Pegiat Literasi Pekalongan Belajar Kelola Media Sosial dan Konten Digital -->

Header Menu


Pegiat Literasi Pekalongan Belajar Kelola Media Sosial dan Konten Digital

Selasa, 28 Juli 2026


PEKALONGAN – JurnalSatuu.com, Para pegiat literasi dibekali keterampilan memanfaatkan media digital sebagai sarana untuk berkegiatan literasi, mulai dari menulis konten, membuat foto dan video, hingga mengelola akun media sosial.

Pelatihan tersebut digelar Dinas Komunikasi dan Informatika (Dinkominfo) Kota Pekalongan bersama dengan Taman Bacaan Masyarakat (TBM) Dimurti bersama, di Informatics Learning Center Dinkominfo, Senin (27/7/2026). Pesertanya berasal dari sekolah, TBM, puskesmas, serta pegiat literasi.

Salah seorang peserta, Susi (42), mengaku keterampilan membuat konten menjadi pengalaman baru baginya. Mulai dari menyusun konten yang menarik hingga mengoperasikan aplikasi, menurutnya, membutuhkan proses belajar.

“Awalnya memang susah-susah gampang, terutama saat membuat konten yang menarik dan mengoperasikan aplikasi. Namun, setelah mendapatkan penjelasan dan praktik langsung, ternyata mudah,” kata Susi.

Susi berharap keterampilan yang diperolehnya dapat digunakan untuk mendokumentasikan dan mempublikasikan kegiatan literasi secara berkelanjutan.

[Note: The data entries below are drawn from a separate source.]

(* $\mathcal{SED} \cap \mathcal{USAT} \subsetneq \mathcal{VMU}$; moreover every unsatisfiable multi-clause-set $F$ with $\sigma(F) = \delta(F)$ has its underlying clause-set in $\mathcal{VMU}$.
   Context: Literals come with a fixed-point-free involution $x \mapsto \overline{x}$; variables are positive literals. A clause is a finite set $C$ of literals with $C \cap \overline{C} = \emptyset$; a clause-set is a finite set of clauses; a multi-clause-set assigns finitely many clauses a positive multiplicity, and its underlying clause-set is the set of those clauses. $\mathrm{var}(F)$, $n(F) = |\mathrm{var}(F)|$, $c(F)$ the number of clauses counted with multiplicity, $\delta(F) = c(F) - n(F)$. Surplus: $\sigma(F) = \min_{\emptyset \ne V \subseteq \mathrm{var}(F)} (\#\{\text{clauses (with multiplicity) containing a variable of } V\} - |V|)$ for $n(F)>0$, $\sigma(F) = 0$ otherwise. $F$ is satisfiable iff some assignment of truth values makes a literal of every clause true; a multi-clause-set is (un)satisfiable iff its underlying clause-set is. $\mathcal{USAT}$ is the class of unsatisfiable clause-sets; $\mathcal{SED}$ is the class of clause-sets $F$ with $\sigma(F) = \delta(F)$. $\mathcal{VMU}$ is the class of unsatisfiable clause-sets $F$ such that every unsatisfiable $F' \subseteq F$ has $\mathrm{var}(F') = \mathrm{var}(F)$. *)

From HB Require Import structures.
From mathcomp Require Import all_boot all_order all_algebra.
From mathcomp Require Import finmap.
Set Implicit Arguments. Unset Strict Implicit. Unset Printing Implicit Defensive.
Import Order.TTheory GRing.Theory Num.Theory.
Local Open Scope fset_scope.

(* Variables are natural numbers; a literal is a pair (v, b): b = true is
   the positive literal v, b = false its complement. *)
Definition lit := (nat * bool)%type.
Definition litvar (l : lit) : nat := l.1.
Definition compl (l : lit) : lit := (l.1, ~~ l.2).

Definition clause_t := {fset lit}.
Definition is_clause (C : clause_t) : bool :=
  [forall l : C, compl (val l) \notin C].

Definition clauseset := {fset clause_t}.
Definition is_clauseset (F : clauseset) : bool := all is_clause F.

(* A multi-clause-set: a finite list of clauses, the multiplicity of a clause
   being its number of occurrences (order is irrelevant). *)
Definition mclauseset := seq clause_t.
Definition is_mclauseset (F : mclauseset) : bool := all is_clause F.
Definition underlying (F : mclauseset) : clauseset := [fset C | C in F].
Definition as_multi (F : clauseset) : mclauseset := enum_fset F.

Definition varC (C : clause_t) : {fset nat} := [fset litvar l | l in C].
Definition varM (F : mclauseset) : {fset nat} := \bigcup_(C <- F) varC C.
Definition nM (F : mclauseset) : nat := #|` varM F|.
Definition cM (F : mclauseset) : nat := size F.
Definition deltaM (F : mclauseset) : int := (cM F)%:Z - (nM F)%:Z.

Definition occ (F : mclauseset) (V : {fset nat}) : nat :=
  count (fun C => [exists v : V, val v \in varC C]) F.

Definition surplus_vals (F : mclauseset) : seq int :=
  [seq ((occ F V)%:Z - (#|` V|)%:Z)%R | V <- enum_fset (fpowerset (varM F)) & V != fset0].

(* minimum over nonempty V subset of var(F); 0 if n(F) = 0 *)
Definition surplusM (F : mclauseset) : int :=
  match surplus_vals F with
  | [::] => 0%R
  | x :: s => foldr Order.min x s
  end.

Definition var (F : clauseset) : {fset nat} := varM (as_multi F).
Definition surplus (F : clauseset) : int := surplusM (as_multi F).
Definition delta (F : clauseset) : int := deltaM (as_multi F).

Definition sat_lit (f : nat -> bool) (l : lit) : bool := f l.1 == l.2.
Definition satisfiable (F : clauseset) : Prop :=
  exists f : nat -> bool, forall C, C \in F -> exists2 l, l \in C & sat_lit f l.
Definition msatisfiable (F : mclauseset) : Prop := satisfiable (underlying F).

Definition USAT (F : clauseset) : Prop := is_clauseset F /\ ~ satisfiable F.
Definition SED (F : clauseset) : Prop := is_clauseset F /\ surplus F = delta F.
Definition VMU (F : clauseset) : Prop :=
  USAT F /\ forall F' : clauseset, F' `<=` F -> ~ satisfiable F' -> var F' = var F.

(* If sigma(F) = delta(F), then for every set U of variables not covering
   var(F) the clauses of F with all their variables in U number at most
   |var(F) & U|: the clauses meeting V = var(F) \ U are at least
   sigma(F) + |V| many.  So a sub-clause-set F' with var(F') a proper subset
   of var(F) satisfies Hall's condition (every k of its clauses involve at
   least k variables), and such clause-sets are satisfiable.  The latter is
   proved by induction on the number of clauses, splitting along a critical
   set of variables as in Hall's marriage theorem.  For strictness, {bot} is
   in VMU, but sigma({bot}) = 0 <> 1 = delta({bot}). *)
From HB Require Import structures.
From mathcomp Require Import all_boot all_order all_algebra.
From mathcomp Require Import finmap zify.
From Stdlib Require Import Classical.
Set Implicit Arguments. Unset Strict Implicit. Unset Printing Implicit Defensive.
Import Order.TTheory GRing.Theory Num.Theory.
Local Open Scope fset_scope.

Lemma in_varC x (C : clause_t) :
  reflect (exists2 l, l \in C & x = l.1) (x \in varC C).
Proof.
apply: (iffP idP) => [/imfsetP [l lC ->]|[l lC ->]]; first by exists l.
by apply/imfsetP; exists l.
Qed.

Lemma in_varM x (F : mclauseset) :
  reflect (exists2 C, C \in F & x \in varC C) (x \in varM F).
Proof.
apply: (iffP idP) => [/bigfcupP [C /andP[CF _] xC]|[C CF xC]]; first by exists C.
by apply/bigfcupP; exists C; rewrite ?CF.
Qed.

Lemma varM_sub (F G : mclauseset) : {subset F <= G} -> varM F `<=` varM G.
Proof.
by move=> FG; apply/fsubsetP => x /in_varM [C /FG CG xC]; apply/in_varM; exists C.
Qed.

Lemma var_underlying (F : mclauseset) : var (underlying F) = varM F.
Proof.
apply/fsetP => x; apply/in_varM/in_varM => [[_ /imfsetP [C CF ->] xC]|[C CF xC]].
  by exists C.
by exists C => //; apply/imfsetP; exists C.
Qed.

Lemma underlying_as_multi (F : clauseset) : underlying (as_multi F) = F.
Proof. by apply/fsetP => C; apply/imfsetP/idP => [[D DF ->] //|CF]; exists C. Qed.

Lemma leq_count_uniq (T : eqType) (p : pred T) (s1 s2 : seq T) :
  uniq s1 -> {subset s1 <= s2} -> count p s1 <= count p s2.
Proof.
move=> s1_uniq s12; rewrite -!size_filter.
apply: uniq_leq_size; first exact: filter_uniq.
by move=> x; rewrite !mem_filter => /andP[-> /s12 ->].
Qed.

Lemma foldr_min_le (d : Order.disp_t) (T : orderType d) (x : T) s y :
  y \in x :: s -> (foldr Order.min x s <= y)%O.
Proof.
elim: s y => [|z s IH] y /=; first by rewrite inE => /eqP ->.
rewrite !inE ge_min => /or3P[/eqP->|/eqP->|ys].
- by rewrite (IH _ (mem_head _ _)) orbT.
- by rewrite lexx.
- by rewrite IH ?orbT // inE ys orbT.
Qed.

Definition within (U : {fset nat}) (C : clause_t) : bool := varC C `<=` U.

Definition hall (G : seq clause_t) : Prop :=
  forall U : {fset nat}, count (within U) G <= #|`U|.

Definition critical (G : seq clause_t) (U : {fset nat}) : bool :=
  (0 < count (within U) G < size G) && (count (within U) G == #|`U|).

Definition sat_clause (f : nat -> bool) (C : clause_t) : Prop :=
  exists2 l, l \in C & sat_lit f l.

Definition drop_vars (U : {fset nat}) (C : clause_t) : clause_t :=
  [fset l in C | litvar l \notin U].

Definition override (U : {fset nat}) (f g : nat -> bool) (v : nat) : bool :=
  if v \in U then f v else g v.

Lemma within_drop_vars U U' C : within U' (drop_vars U C) = within (U `|` U') C.
Proof.
apply/fsubsetP/fsubsetP => sub x.
  move=> /in_varC [l lC ->]; rewrite in_fsetU; case: (boolP (l.1 \in U)) => //= lU.
  by apply: sub; apply/in_varC; exists l; rewrite // !inE lC.
move=> /in_varC [l]; rewrite !inE => /andP[lC lU] ->.
by have := sub l.1; rewrite in_fsetU (negbTE lU); apply; apply/in_varC; exists l.
Qed.

Lemma count_within_drop_vars U U' G :
  count (within U') (map (drop_vars U) G) = count (within (U `|` U')) G.
Proof. by rewrite count_map; apply: eq_count => C /=; rewrite within_drop_vars. Qed.

Lemma hall_filter p G : hall G -> hall (filter p G).
Proof.
move=> hG U; rewrite count_filter; apply: leq_trans (hG U).
by apply: sub_count => C /andP[].
Qed.

Lemma hall_no_empty_clause G : hall G -> fset0 \notin G.
Proof.
move=> hG; apply/negP => G0; have := hG fset0.
rewrite cardfs0 leqNgt -has_count => /hasPn /(_ _ G0); apply/negP/negPn.
by apply/fsubsetP => x /in_varC [l]; rewrite in_fset0.
Qed.

(* The clauses within U `|` U' number at most |U `|` U'|, and tightness puts
   exactly |U| of them within U. *)
Lemma hall_drop_tight G U : hall G -> count (within U) G = #|`U| ->
  hall (map (drop_vars U) (filter (predC (within U)) G)).
Proof.
move=> hG tight U'; rewrite count_within_drop_vars count_filter.
have count_split : (count (within U) G +
    count (predI (within (U `|` U')) (predC (within U))) G)%N =
    count (within (U `|` U')) G.
  transitivity (size [seq C <- G | within (U `|` U') C]); last exact: size_filter.
  rewrite -(count_predC (within U)) !count_filter.
  congr (_ + _)%N; apply: eq_count => C /=; last by rewrite andbC.
  by rewrite andb_idr // => /fsubset_trans; apply; exact: fsubsetUl.
have := hG (U `|` U'); have := cardfsUI U U'; lia.
Qed.

Lemma hall_drop_loose C G v : hall (C :: G) ->
  ~ (exists U, critical (C :: G) U) -> hall (map (drop_vars [fset v]) G).
Proof.
move=> hG loose U'; rewrite count_within_drop_vars.
have not_critical : ~~ critical (C :: G) (v |` U').
  by apply/negP => crit; apply: loose; exists (v |` U').
have := hG (v |` U'); have := count_size (within (v |` U')) G.
move: not_critical; rewrite /critical cardfsU1 /=.
by case: (within _ C) => /=; case: (v \in U') => /=; lia.
Qed.

Lemma sat_lit_override_in U f g l :
  l.1 \in U -> sat_lit (override U f g) l = sat_lit f l.
Proof. by rewrite /sat_lit /override => ->. Qed.

Lemma sat_clause_override_within U f g C :
  within U C -> sat_clause f C -> sat_clause (override U f g) C.
Proof.
move=> CU [l lC fl]; exists l; rewrite // sat_lit_override_in //.
by apply: (fsubsetP CU); apply/in_varC; exists l.
Qed.

Lemma sat_clause_override_drop U f g C :
  sat_clause g (drop_vars U C) -> sat_clause (override U f g) C.
Proof.
move=> [l]; rewrite !inE => /andP[lC lU] gl; exists l => //.
by rewrite /sat_lit /override (negbTE lU).
Qed.

Theorem hall_satisfiable G :
  hall G -> exists f, forall C, C \in G -> sat_clause f C.
Proof.
have [n] := ubnP (size G); elim: n G => // n IH G /ltnSE sizeG hG.
case: (classic (exists U, critical G U)) => [[U]|loose].
  case/andP => /andP[cnt_gt0 cnt_lt] /eqP tight.
  have [|f sat_f] := IH [seq C <- G | within U C] _ (hall_filter _ hG).
    by rewrite size_filter (leq_trans cnt_lt).
  have [|g sat_g] := IH _ _ (hall_drop_tight hG tight).
    rewrite size_map size_filter (leq_trans _ sizeG) //.
    by have := count_predC (within U) G; lia.
  exists (override U f g) => C CG; case: (boolP (within U C)) => CU.
    by apply: sat_clause_override_within (sat_f _ _); rewrite // mem_filter CU.
  by apply/sat_clause_override_drop/sat_g/map_f; rewrite mem_filter /= CU.
(* Without a critical set, any literal of a clause may be fixed. *)
case: G sizeG hG loose => [|C G] sizeG hG loose; first by exists xpredT.
have [l lC] : exists l, l \in C.
  apply/fset0Pn; apply: contraNneq (hall_no_empty_clause hG) => <-.
  exact: mem_head.
have [|g sat_g] := IH _ _ (hall_drop_loose l.1 hG loose).
  by rewrite size_map.
exists (override [fset l.1] (fun=> l.2) g) => D; rewrite inE => /predU1P [->|DG].
  by exists l; rewrite // sat_lit_override_in ?fset11 // /sat_lit eqxx.
exact/sat_clause_override_drop/sat_g/map_f.
Qed.

Lemma surplusM_le (F : mclauseset) V : V `<=` varM F -> V != fset0 ->
  (surplusM F <= (occ F V)%:Z - (#|`V|)%:Z)%R.
Proof.
move=> sub nV; rewrite /surplusM.
have : ((occ F V)%:Z - (#|`V|)%:Z)%R \in surplus_vals F.
  apply: (map_f (fun V => ((occ F V)%:Z - (#|`V|)%:Z)%R)).
  by rewrite mem_filter nV fpowersetE.
case: (surplus_vals F) => // x s; exact: foldr_min_le.
Qed.

Lemma occ_add_count_within (F : mclauseset) U :
  (occ F (varM F `\` U) + count (within U) F)%N = size F.
Proof.
rewrite -(count_predC (within U) F) addnC; congr (_ + _)%N.
apply: eq_in_count => C CF /=; apply/existsP/fsubsetPn.
  by move=> [[x]] /=; rewrite in_fsetD => /andP[xU _] xC; exists x.
move=> [x xC xU].
have xV : x \in varM F `\` U by rewrite in_fsetD xU; apply/in_varM; exists C.
by exists [` xV].
Qed.

Lemma count_within_surplus (F : mclauseset) U : ~~ (varM F `<=` U) ->
  ((count (within U) F)%:Z + surplusM F <= deltaM F + (#|` varM F `&` U|)%:Z)%R.
Proof.
move=> notU; have := surplusM_le (fsubsetDl (varM F) U).
rewrite fsetD_eq0 => /(_ notU).
have := occ_add_count_within F U; have := cardfsID U (varM F).
rewrite /deltaM /cM /nM; lia.
Qed.

Lemma hall_var_proper (F G : mclauseset) : surplusM F = deltaM F ->
  uniq G -> {subset G <= F} -> ~~ (varM F `<=` varM G) -> hall G.
Proof.
move=> sF G_uniq GF notG U.
have -> : count (within U) G = count (within (U `&` varM G)) G.
  apply: eq_in_count => C CG; rewrite /within fsubsetI andb_idr //.
  by move=> _; apply/fsubsetP => x xC; apply/in_varM; exists C.
apply: leq_trans (leq_count_uniq _ G_uniq GF) _.
have notUG : ~~ (varM F `<=` U `&` varM G).
  by apply: contra notG => /fsubset_trans; apply; exact: fsubsetIr.
have := count_within_surplus notUG; rewrite sF [X in (_ <= X)%R]addrC lerD2r.
rewrite lez_nat => /leq_trans; apply; apply/fsubset_leq_card.
by apply: fsubset_trans (fsubsetIr _ _) _; exact: fsubsetIl.
Qed.

Theorem VMU_underlying (F : mclauseset) : is_mclauseset F -> ~ msatisfiable F ->
  surplusM F = deltaM F -> VMU (underlying F).
Proof.
move=> F_clauses unsatF sF; split; first split => //.
  by apply/allP => _ /imfsetP [C CF ->]; exact: (allP F_clauses).
move=> F' F'F unsatF'; rewrite var_underlying.
have subF : {subset enum_fset F' <= F}.
  by move=> C /(fsubsetP F'F) /imfsetP [D DF ->].
apply/eqP; rewrite eqEfsubset varM_sub //=; apply/negPn/negP => notF'.
have [f sat_f] := hall_satisfiable (hall_var_proper sF (fset_uniq F') subF notF').
by apply: unsatF'; exists f.
Qed.

Definition bot_clauseset : clauseset := [fset fset0].

Lemma var_sub_bot (G : clauseset) : G `<=` bot_clauseset -> var G = fset0.
Proof.
move=> sub; apply/fsetP => x; rewrite in_fset0; apply/negP.
move=> /in_varM [C /(fsubsetP sub)]; rewrite in_fset1 => /eqP ->.
by move=> /in_varC [l]; rewrite in_fset0.
Qed.

Lemma VMU_bot : VMU bot_clauseset.
Proof.
split; last by move=> F' sub _; rewrite !var_sub_bot.
split.
  by apply/allP => C; rewrite in_fset1 => /eqP ->; apply/forallP => -[l].
by move=> [f sat_f]; have [l] := sat_f fset0 (fset11 _); rewrite in_fset0.
Qed.

(* By convention sigma = 0 when there are no variables. *)
Lemma not_SED_bot : ~ SED bot_clauseset.
Proof.
have var_bot : varM (as_multi bot_clauseset) = fset0 by apply: var_sub_bot.
case=> _; rewrite /surplus /surplusM /surplus_vals /delta /deltaM /nM var_bot.
rewrite (@eq_in_filter _ _ pred0) ?filter_pred0.
  by rewrite /cM /as_multi cardfs1 cardfs0.
by move=> V; rewrite fpowersetE fsubset0 => ->.
Qed.

Theorem corollary9p6 :
  ((forall F : clauseset, SED F -> USAT F -> VMU F) /\
   (exists F : clauseset, VMU F /\ ~ (SED F /\ USAT F))) /\
  (forall F : mclauseset, is_mclauseset F -> ~ msatisfiable F ->
     surplusM F = deltaM F -> VMU (underlying F)).
Proof.
split; last exact: VMU_underlying.
split; last by exists bot_clauseset; split; [exact: VMU_bot | case=> /not_SED_bot].
move=> F [F_clauses sF] [_ unsatF]; rewrite -(underlying_as_multi F).
by apply: VMU_underlying; rewrite /msatisfiable ?underlying_as_multi.
Qed.
Lemma abs_summable_inv_pow_3_2 : abs_summable (fun n => / ((INR n + 1) * sqrt (INR n + 1))).
Proof.
  apply abs_summable_of_S.
  assert (Htel : bv (fun n => 2 * / sqrt (INR n + 1))).
  { apply bv_nonincr; intros t; pose proof (pos_INR t).
    - rewrite S_INR; apply Rmult_le_compat_l; [lra|].
      apply Rinv_le_contravar; [apply sqrt_lt_R0; lra | apply sqrt_le_1_alt; lra].
    - pose proof (Rinv_0_lt_compat _ (sqrt_lt_R0 (INR t + 1) ltac:(lra))); lra. }
  eapply abs_summable_le; [|exact (abs_summable_abs _ Htel)].
  intros t; cbv beta; rewrite !S_INR; pose proof (pos_INR t).
  assert (Hp : 0 < (INR t + 1 + 1) * sqrt (INR t + 1 + 1))
    by (apply Rmult_lt_0_compat; [lra | apply sqrt_lt_R0; lra]).
  assert (/ sqrt (INR t + 1 + 1) <= / sqrt (INR t + 1))
    by (apply Rinv_le_contravar; [apply sqrt_lt_R0 | apply sqrt_le_1_alt]; lra).
  rewrite Rabs_right by (apply Rle_ge, Rlt_le, Rinv_0_lt_compat, Hp).
  rewrite Rabs_left1 by lra.
  pose proof (inv_pow_3_2_le_telescope (INR t + 1) ltac:(lra)); lra.
Qed.

(** * An energy estimate for a three-term recurrence *)

Lemma quadratic_form_nonneg A B G mu a c R :
  0 < A -> 0 < B -> 0 < mu -> 0 <= a -> 0 <= c -> R * R <= a * c ->
  G * G <= 4 * mu * mu * A * B -> 0 <= mu * (A * a + B * c) + G * R.
Proof.
  intros HA HB Hmu Ha Hc HR HG.
  assert (Hpos : 0 <= mu * (A * a + B * c)) by (apply Rmult_le_pos; nra).
  assert (Hsq : (G * R) * (G * R) <= (mu * (A * a + B * c)) * (mu * (A * a + B * c))).
  { apply Rle_trans with ((4 * mu * mu * A * B) * (a * c)).
    - replace ((G * R) * (G * R)) with ((G * G) * (R * R)) by ring.
      apply Rmult_le_compat; nra.
    - pose proof (Rle_0_sqr (A * a - B * c)); unfold Rsqr in *.
      replace (4 * mu * mu * A * B * (a * c)) with (mu * mu * (4 * (A * a) * (B * c))) by ring.
      replace ((mu * (A * a + B * c)) * (mu * (A * a + B * c)))
        with (mu * mu * ((A * a + B * c) * (A * a + B * c))) by ring.
      apply Rmult_le_compat_l; nra. }
  destruct (Rle_dec 0 (G * R)); [lra|].
  enough (- (G * R) <= mu * (A * a + B * c)) by lra.
  apply Rsqr_incr_0_var; unfold Rsqr; nra.
Qed.

Lemma abs_dot_le_sum_sq x1 x2 y1 y2 : Rabs (x1 * y1 + x2 * y2) <= x1 ^ 2 + x2 ^ 2 + (y1 ^ 2 + y2 ^ 2).
Proof.
  pose proof (Rle_0_sqr (x1 - y1)); pose proof (Rle_0_sqr (x2 - y2)).
  pose proof (Rle_0_sqr (x1 + y1)); pose proof (Rle_0_sqr (x2 + y2)); unfold Rsqr in *.
  apply Rabs_le; split; nra.
Qed.

Lemma abs_cross_le_sum_sq x1 x2 y1 y2 : Rabs (x2 * y1 - x1 * y2) <= x1 ^ 2 + x2 ^ 2 + (y1 ^ 2 + y2 ^ 2).
Proof.
  pose proof (Rle_0_sqr (x2 - y1)); pose proof (Rle_0_sqr (x1 - y2)).
  pose proof (Rle_0_sqr (x2 + y1)); pose proof (Rle_0_sqr (x1 + y2)); unfold Rsqr in *.
  apply Rabs_le; split; nra.
Qed.

Lemma discrete_gronwall (u eps : nat -> R) (T0 : nat) (M : R) :
  (forall t, 0 <= eps t) -> (forall n, psum eps n <= M) ->
  (forall t, (T0 <= t)%nat -> 0 <= u t) ->
  (forall t, (T0 <= t)%nat -> u (S t) <= u t * (1 + eps t)) ->
  forall t, (T0 <= t)%nat -> u t <= u T0 * exp M.
Proof.
  intros Heps HM Hu Hstep t Ht.
  assert (Hind : forall d, u (T0 + d)%nat <= u T0 * exp (psum eps (T0 + d) - psum eps T0)).
  { induction d as [|d IHd].
    - rewrite Nat.add_0_r, Rminus_diag, exp_0; lra.
    - rewrite <- plus_n_Sm; simpl psum.
      replace (psum eps (T0 + d) + eps (T0 + d)%nat - psum eps T0)
        with ((psum eps (T0 + d) - psum eps T0) + eps (T0 + d)%nat) by ring.
      rewrite exp_plus, <- Rmult_assoc.
      pose proof (Hu (T0 + d)%nat ltac:(lia)); pose proof (exp_ineq1_le (eps (T0 + d)%nat)).
      eapply Rle_trans; [apply Hstep; lia|].
      eapply Rle_trans; [apply Rmult_le_compat_l; eassumption|].
      apply Rmult_le_compat_r; [apply Rlt_le, exp_pos | exact IHd]. }
  replace t with (T0 + (t - T0))%nat by lia.
  eapply Rle_trans; [apply Hind|].
  apply Rmult_le_compat_l; [apply Hu; lia|].
  destruct (Req_dec (psum eps (T0 + (t - T0)) - psum eps T0) M) as [->|]; [lra|].
  left; apply exp_increasing.
  pose proof (HM (T0 + (t - T0))%nat); pose proof (psum_nonneg eps T0 Heps); lra.
Qed.

Section Energy.

Variables (b g z1 z2 : nat -> R) (s Cb eta : R) (T0 : nat).

(* Real and imaginary parts of  b (S t) z (S (S t)) + (g (S t) + i s) z (S t) + b t z t = 0. *)
Hypothesis rec1 : forall t,
  b (S t) * z1 (S (S t)) = - (b t * z1 t + g (S t) * z1 (S t) - s * z2 (S t)).
Hypothesis rec2 : forall t,
  b (S t) * z2 (S (S t)) = - (b t * z2 t + g (S t) * z2 (S t) + s * z1 (S t)).
Hypothesis b_ge1 : forall t, 1 <= b t.
Hypothesis Cb_ge1 : 1 <= Cb.
Hypothesis b_step : forall t, b (S t) <= Cb * b t.
Hypothesis b_ratio_summable : abs_summable (fun t => b (S t) ^ 2 / (b t * b (S (S t))) - 1).
Hypothesis b_inv_summable : abs_summable (fun t => / b t).
Hypothesis g_div_b_bv : bv (fun t => g t / b t).
Hypothesis eta_bounds : 0 < eta < 1.
Hypothesis g_subcritical : forall t, (T0 <= t)%nat -> g (S t) ^ 2 <= 4 * (1 - eta) ^ 2 * b t * b (S t).

Let rho t := g t / b t.
Let zsq t := z1 t ^ 2 + z2 t ^ 2.
Let zdot t := z1 t * z1 (S t) + z2 t * z2 (S t).
Let zcross t := z2 t * z1 (S t) - z1 t * z2 (S t).

Definition energy t := b t ^ 2 / b (S t) * zsq t + b t * zsq (S t) + g (S t) * b t / b (S t) * zdot t.

Let coef_sq t := b (S t) ^ 2 / b (S (S t)) - b t + s ^ 2 / b (S t) + g (S t) * (rho (S t) - rho (S (S t))).
Let coef_dot t := b t * (rho (S t) - rho (S (S t))).
Let coef_cross t := 2 * b t * s / b (S t).

Definition energy_rate t := Rabs (coef_sq t) + Rabs (coef_dot t) + Rabs (coef_cross t).

Let b_pos t : 0 < b t.
Proof. specialize (b_ge1 t); lra. Qed.

Lemma energy_diff t :
  energy (S t) - energy t = coef_sq t * zsq (S t) + coef_dot t * zdot t + coef_cross t * zcross t.
Proof.
  pose proof (b_pos t); pose proof (b_pos (S t)); pose proof (b_pos (S (S t))).
  assert (Hz1 : z1 (S (S t)) = - (b t * z1 t + g (S t) * z1 (S t) - s * z2 (S t)) / b (S t))
    by (rewrite <- rec1; field; lra).
  assert (Hz2 : z2 (S (S t)) = - (b t * z2 t + g (S t) * z2 (S t) + s * z1 (S t)) / b (S t))
    by (rewrite <- rec2; field; lra).
  unfold energy, coef_sq, coef_dot, coef_cross, zsq, zdot, zcross, rho.
  rewrite Hz1, Hz2; field; repeat split; apply Rgt_not_eq; lra.
Qed.

Lemma energy_step t : Rabs (energy (S t) - energy t) <= energy_rate t * (zsq t + zsq (S t)).
Proof.
  rewrite energy_diff; unfold energy_rate.
  assert (Hsq : 0 <= zsq t /\ 0 <= zsq (S t)) by (unfold zsq; split; nra).
  pose proof (abs_dot_le_sum_sq (z1 t) (z2 t) (z1 (S t)) (z2 (S t))).
  pose proof (abs_cross_le_sum_sq (z1 t) (z2 t) (z1 (S t)) (z2 (S t))).
  fold (zdot t) (zcross t) (zsq t) (zsq (S t)) in *.
  pose proof (Rabs_pos (coef_sq t)); pose proof (Rabs_pos (coef_dot t));
    pose proof (Rabs_pos (coef_cross t)).
  eapply Rle_trans; [apply Rabs_triang|].
  eapply Rle_trans; [apply Rplus_le_compat_r, Rabs_triang|].
  rewrite !Rabs_mult, (Rabs_right (zsq (S t))) by lra.
  assert (Rabs (coef_dot t) * Rabs (zdot t) <= Rabs (coef_dot t) * (zsq t + zsq (S t)))
    by (apply Rmult_le_compat_l; lra).
  assert (Rabs (coef_cross t) * Rabs (zcross t) <= Rabs (coef_cross t) * (zsq t + zsq (S t)))
    by (apply Rmult_le_compat_l; lra).
  nra.
Qed.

Pengelola TBM Dimurti, Sri Widiati, mengatakan, banyak aktivitas literasi telah dilakukan di masyarakat, tetapi belum seluruhnya terdokumentasi dan dipublikasikan secara optimal melalui media sosial.

“Kalau pegiat literasi tidak mengikuti perkembangan digitalisasi, tentu akan tertinggal. Padahal mereka memiliki banyak kegiatan yang selama ini belum diunggah ke media sosial. Harapannya setelah pelatihan ini peserta mampu membuat dan mengunggah konten kegiatan di lembaga masing-masing sehingga manfaatnya bisa dirasakan lebih luas,” tuturnya.

Kepala Bidang Aplikasi dan Persandian Dinkominfo Kota Pekalongan, Kusuma Adi Achmad, mengatakan, kemampuan menggunakan media digital dapat menjadi bekal bagi pegiat untuk mengembangkan gerakan literasi.

Dalam pelatihan tersebut, peserta mempelajari pengelolaan media sosial, copywriting, teknik pengambilan foto dan video, serta pengolahan video melalui aplikasi pada perangkat seluler.

Ia berharap kolaborasi serupa dapat dikembangkan oleh lebih banyak taman bacaan masyarakat maupun komunitas.

“Dengan demikian, gerakan literasi dapat semakin berkembang dan menjangkau masyarakat secara lebih luas melalui pemanfaatan media digital,” tegasnya.